O plano de ação é jornalismo básico de si mesmo:
- Liste as 10–15 fontes que apareceram nas suas medições.
- Para cada uma, descubra o caminho: algumas aceitam cadastro (diretórios), outras respondem a pauta (imprensa do setor), outras são rankings com critérios públicos.
- Priorize as que aparecem em mais de uma engine.
Passo 4 — Torne o seu site citável
O seu próprio site é uma das fontes possíveis — desde que dê à IA o que ela precisa para citar com confiança:
- Responda perguntas completas. Uma página que responde de fato “quanto custa X?” ou “como funciona Y?” é matéria-prima de citação. Dez páginas rasas de 300 palavras, não.
- Dados concretos batem adjetivos. “Atendemos 340 empresas desde 2019” é citável; “somos líderes de mercado” não é informação, é ruído.
- Deixe claro quem você é em todas as páginas: nome, segmento, cidade, desde quando. Entidades bem definidas são mais fáceis de recuperar e associar.
- FAQ com marcação de dados estruturados (schema FAQPage) nas páginas de serviço.
- Datas visíveis e conteúdo atualizado — engines com busca dão peso a recência.

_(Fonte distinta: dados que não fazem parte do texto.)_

Lemma ptrAB_amplitude_mx Y :
  ptrAB (Y *m adj Y) = (adj (amplitude_mx Y) *m amplitude_mx Y)^T.
Proof.
apply/matrixP => i j; rewrite !mxE; apply: eq_bigr => k _.
by rewrite !mxE big_ord1 !adjE ?mxE mulrC.
Qed.

Lemma density_mulmx_adj m n (W : 'M[C]_(m, n)) :
  \tr (adj W *m W) = 1 -> density (W *m adj W).
Proof.
move=> trW; split; last by rewrite mxtrace_mulC.
  by rewrite /Defs.hermitian adjM adjK.
move=> v; have -> : adj v *m (W *m adj W) *m v = adj (adj W *m v) *m (adj W *m v).
  by rewrite adjM adjK !mulmxA.
rewrite mxE.
by apply: sumr_ge0 => k _; rewrite adjE mulrC mulcJ_ge0.
Qed.

Lemma mxtrace_mulmx_adj_sqr m n (W : 'M[C]_(m, n)) :
  \tr (W *m adj W *m (W *m adj W)) = \tr (adj W *m W *m (adj W *m W)).
Proof. by rewrite !mulmxA mxtrace_mulC !mulmxA. Qed.

Lemma herm_spectral n (S : 'M[C]_n) : Defs.hermitian S ->
  exists (P : 'M[C]_n) (d : 'I_n -> R),
    unitary P /\ P *m S *m adj P = diag_mx (\row_k (d k)%:C).
Proof.
move=> hS; have conjT_adj m k (A : 'M[C]_(m, k)) : map_mx Num.conj A^T = adj A.
  by apply/matrixP => i j; rewrite adjE !mxE conjcE.
set P := spectralmx S; have uP := spectral_unitarymx S.
have PP : unitary P by move/unitarymxP: uP; rewrite conjT_adj.
have /orthomx_spectralP S_eq : S \is normalmx by apply/normalmxP; rewrite !conjT_adj hS.
have hD : P *m S *m adj P = diag_mx (spectral_diag S).
  by rewrite [in LHS]S_eq (invmx_unitary uP) conjT_adj !mulmxA PP mul1mx -mulmxA PP mulmx1.
exists P, (fun k => complex.Re (spectral_diag S 0 k)); split => //; rewrite hD.
congr diag_mx; apply/rowP => k; rewrite mxE.
have /matrixP/(_ k k) := hermitian_conj P hS; rewrite hD adjE !mxE eqxx mulr1n.
by case: (spectral_diag S 0 k) => x y [] /= hy; congr Complex; lra.
Qed.

Lemma card_support_le_rank n (d : 'rV[C]_n) :
  (#|[set k | (d 0 k != 0)%R]| <= \rank (diag_mx d))%N.
Proof.
set A := [set k | _]; pose f (i : 'I_#|A|) := enum_val i.
have f_inj : injective f := enum_val_inj.
have <- : \rank (mxsub f f (diag_mx d)) = #|A|.
  apply: mxrank_unit; have -> : mxsub f f (diag_mx d) = diag_mx (\row_i d 0 (f i)).
    by apply/matrixP => i j; rewrite !mxE (inj_eq f_inj).
  rewrite unitmxE det_diag unitfE; apply/prodf_neq0 => i _.
  by rewrite mxE; move: (enum_valP i); rewrite inE.
rewrite mxsubrc; apply: leq_trans (mxrankS (rowsub_sub _ _)) _.
by rewrite -[X in colsub _ X]mulmx1 -mulmx_colsub mxrankM_maxl.
Qed.

Lemma diag_mx_two_zeros n (d : 'rV[C]_n) : (\rank (diag_mx d) + 2 <= n)%N ->
  exists a b, [/\ a != b, d 0 a = 0 & d 0 b = 0].
Proof.
move=> rk; have : (1 < #|[set k | (d 0 k == 0)%R]|)%N.
  have := cardsC [set k | d 0 k == 0]; rewrite card_ord.
  have -> : ~: [set k | d 0 k == 0] = [set k | d 0 k != 0] by apply/setP => k; rewrite !inE.
  by have := card_support_le_rank d; lia.
case/card_gt1P => a [b [za zb ab]]; exists a, b.
by move: za zb; rewrite !inE => /eqP za /eqP zb.
Qed.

E o básico que continua valendo: o SEO tradicional não morreu, mudou de papel. Estar bem posicionado no Google segue importando, porque é de lá que as engines partem (entenda a relação entre GEO e SEO).

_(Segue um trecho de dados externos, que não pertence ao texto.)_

(* Consider the HYZ12 protocol with $k$ sites and accuracy parameter $\varepsilon$ with $\varepsilon\sqrt{k}<1$, run on the event stream generated by the round-robin adversary (both described in the context). Fix the transcript (all states of the adversary, sites and server) up to the initiation of a round at event count $n_0\ge 4\sqrt{k}/\varepsilon$, and consider the execution from event $n_0+1$ onward. Let $R$ be the number of distinct sites that send a Report message to the server during the next $n_0$ events. Then \[ \Pr\!\left[R>\tfrac{k}{8}\right]\;\ge\;1-\exp\!\left(-\tfrac{\sqrt{k}}{32\varepsilon}\right). \]
   Context: Distributed counting: a server and $k$ sites; events arrive one at a time, each at some site; $n_i$ is the number of events at site $i$ so far and $n=\sum_in_i$ is the event count. ${\rm Geom}(q)$ is the geometric distribution on $\{1,2,\dots\}$. Doubling subprotocol: each site, after incrementing $n_i$, sends $(i,n_i)$ to the server whenever $n_i$ is a power of $2$. The server keeps $n'_i$ (initially $0$), $n'=\sum_in'_i$, threshold $\tau=1$; upon receiving $(i,n_i)$ it sets $n'\gets n'+n_i-n'_i$, $n'_i\gets n_i$, and if $n'\ge2\tau$ triggers BoundaryReached$(n')$ and sets $\tau\gets n'$. HYZ12 protocol: each site keeps a transmission probability $p$ (initially $1$, updated by server broadcasts) and $n_i$; on each event at site $i$, $n_i\gets n_i+1$ and independently with probability $p$ the site sends Report$(i,n_i)$. The server keeps $\bar n_i=\hat n_i=0$ for each $i$ and $p=1$. On Report$(i,\bar n)$: $\bar n_i\gets\bar n$, $\hat n_i\gets\bar n_i-1+1/p$, publish $\hat n=\sum_j\hat n_j$. On BoundaryReached$(n')$ (reports processed first): a new round starts; $p_{\rm old}\gets p$, $p\gets2^{\min\{0,\lfloor\log_2(\sqrt k/(\varepsilon n'))\rfloor\}}$; if $p<1$, for each $i$ sample independently $Z_i=B\cdot G$, $B\sim{\rm Bernoulli}(1-p/p_{\rm old})$, $G\sim{\rm Geom}(p)$, set $\bar n_i\gets\max\{0,\bar n_i-Z_i\}$, $\hat n_i\gets0$ if $\bar n_i=0$ else $\bar n_i-1+1/p$, and broadcast $p$. Round-robin adversary: start with current site $i=1$ and record the current published estimate $\hat n_{\rm last}$. Repeatedly inject events at the current site $i$ until the published estimate differs from $\hat n_{\rm last}$; then set $\hat n_{\rm last}$ to the new estimate and move to site $1+(i\bmod k)$. *)

From Stdlib Require Import Reals List Arith PeanoNat ZArith ClassicalEpsilon.
From Coquelicot Require Import Coquelicot.
Open Scope R_scope.
(* Let $y\in[0,1]$, $z\in(0,1]$, and $U=H^{(z)}_{12}H^{(y)}_{23}$. Then $$\sup_{\sigma}\ \mathrm{Tr}\big[U(\sigma\otimes|0\rangle\langle0|)U^\dagger\,\big((\mathbb 1-|0\rangle\langle0|)\otimes|0\rangle\langle0|\otimes|0\rangle\langle0|\big)\big]=1-(1-y)(1-z),$$ where the supremum is over all density operators $\sigma$ on the two-mode Fock space (modes $1,2$), and it is attained by the state $$|\phi\rangle=\sqrt{\tfrac{z}{1-(1-y)(1-z)}}\,|10\rangle+\sqrt{\tfrac{y(1-z)}{1-(1-y)(1-z)}}\,|01\rangle.$$ In particular, for $y=1-\frac1{2(1-x)}$, $z=2x$ with $x\in(0,\tfrac12]$, the supremum equals $\frac1{2(1-x)}$.
   Context: Bosonic modes $1,2,3$ with creation operators $\hat a_k^\dagger$ and Fock states $|n\rangle$; in tensor products the factors are modes $1,2,3$ in order, and $\sigma\otimes|0\rangle\langle0|$ means mode $3$ is in the vacuum. For $r\in[0,1]$, $H^{(r)}_{kl}$ is the passive linear-optical unitary fixing the vacuum with $\hat a_k^\dagger\mapsto\sqrt r\,\hat a_k^\dagger+\sqrt{1-r}\,\hat a_l^\dagger$, $\hat a_l^\dagger\mapsto\sqrt{1-r}\,\hat a_k^\dagger-\sqrt r\,\hat a_l^\dagger$. $U=H^{(z)}_{12}H^{(y)}_{23}$ means first $H^{(y)}$ on modes $2,3$, then $H^{(z)}$ on modes $1,2$. The projector $(\mathbb 1-|0\rangle\langle0|)\otimes|00\rangle\langle00|$ corresponds to ideal threshold (click/no-click) detectors registering a click on mode $1$ and no click on modes $2,3$. *)

From Stdlib Require Import Reals Lra Factorial.
Open Scope R_scope.

Record C := mkC { Re : R; Im : R }.
Definition Cadd (u v : C) : C := mkC (Re u + Re v) (Im u + Im v).
Definition Cmul (u v : C) : C :=
  mkC (Re u * Re v - Im u * Im v) (Re u * Im v + Im u * Re v).
Definition Cconj (u : C) : C := mkC (Re u) (- Im u).
Definition RtoC (r : R) : C := mkC r 0.

Fixpoint Csum (n : nat) (f : nat -> C) : C :=
  match n with
  | O => f O
  | S k => Cadd (Csum k f) (f (S k))
  end.

(** * Passive linear optics on three modes (modes 1,2,3 of the paper are
    indexed 0,1,2 here).
    A mode matrix M describes the unitary U with U|vac> = |vac> and
    U a_k^dag U^dag = sum_l M l k a_l^dag  (column k = image of a_k^dag). *)
Definition mode_mat := nat -> nat -> R.

Definition id_mode : mode_mat := fun i j => if Nat.eqb i j then 1 else 0.

Definition Hmode (r : R) (k l : nat) : mode_mat := fun i j =>
  if Nat.eqb j k then
    (if Nat.eqb i k then sqrt r else if Nat.eqb i l then sqrt (1 - r) else 0)
  else if Nat.eqb j l then
    (if Nat.eqb i k then sqrt (1 - r) else if Nat.eqb i l then - sqrt r else 0)
  else id_mode i j.

Definition mmul (A B : mode_mat) : mode_mat := fun i j =>
  A i 0%nat * B 0%nat j + A i 1%nat * B 1%nat j + A i 2%nat * B 2%nat j.

Definition Umode (y z : R) : mode_mat := mmul (Hmode z 0 1) (Hmode y 1 2).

Passo 5 — Os arquivos de IA (a parte menos importante, dita honestamente)
O llms.txt — o índice do seu site para modelos de IA — custa dez minutos com o gerador e não faz mal nenhum. Mas nenhum grande provedor confirmou que o lê, então trate como acabamento, não como fundação. Se o seu tempo é curto, os passos 1 a 4 vêm antes.
O que ignorar
- “Fórmula para ranquear no ChatGPT em 30 dias” — não existe ranking a manipular; existe presença em fontes, que leva tempo.
- Encher o site de texto gerado por IA sobre o seu segmento — as engines leem as mesmas fontes que você copiou; conteúdo derivado não vira citação.
- Keyword stuffing conversacional — o estudo de Princeton mediu: efeito nulo a negativo.
A ordem certa, resumida
- Desbloqueie os robôs (minutos)
- Meça sua presença atual (minutos)
- Apareça nas fontes que as engines consultam (semanas a meses — é aqui que o jogo acontece)
- Torne seu site citável: respostas completas, dados, entidades claras (contínuo)
- Acabamento: llms.txt e afins (dez minutos, sem expectativa)
E remeça de tempos em tempos. Este site pratica o que prega: os resultados das nossas próprias medições saem nos experimentos, com números — inclusive quando dão em nada.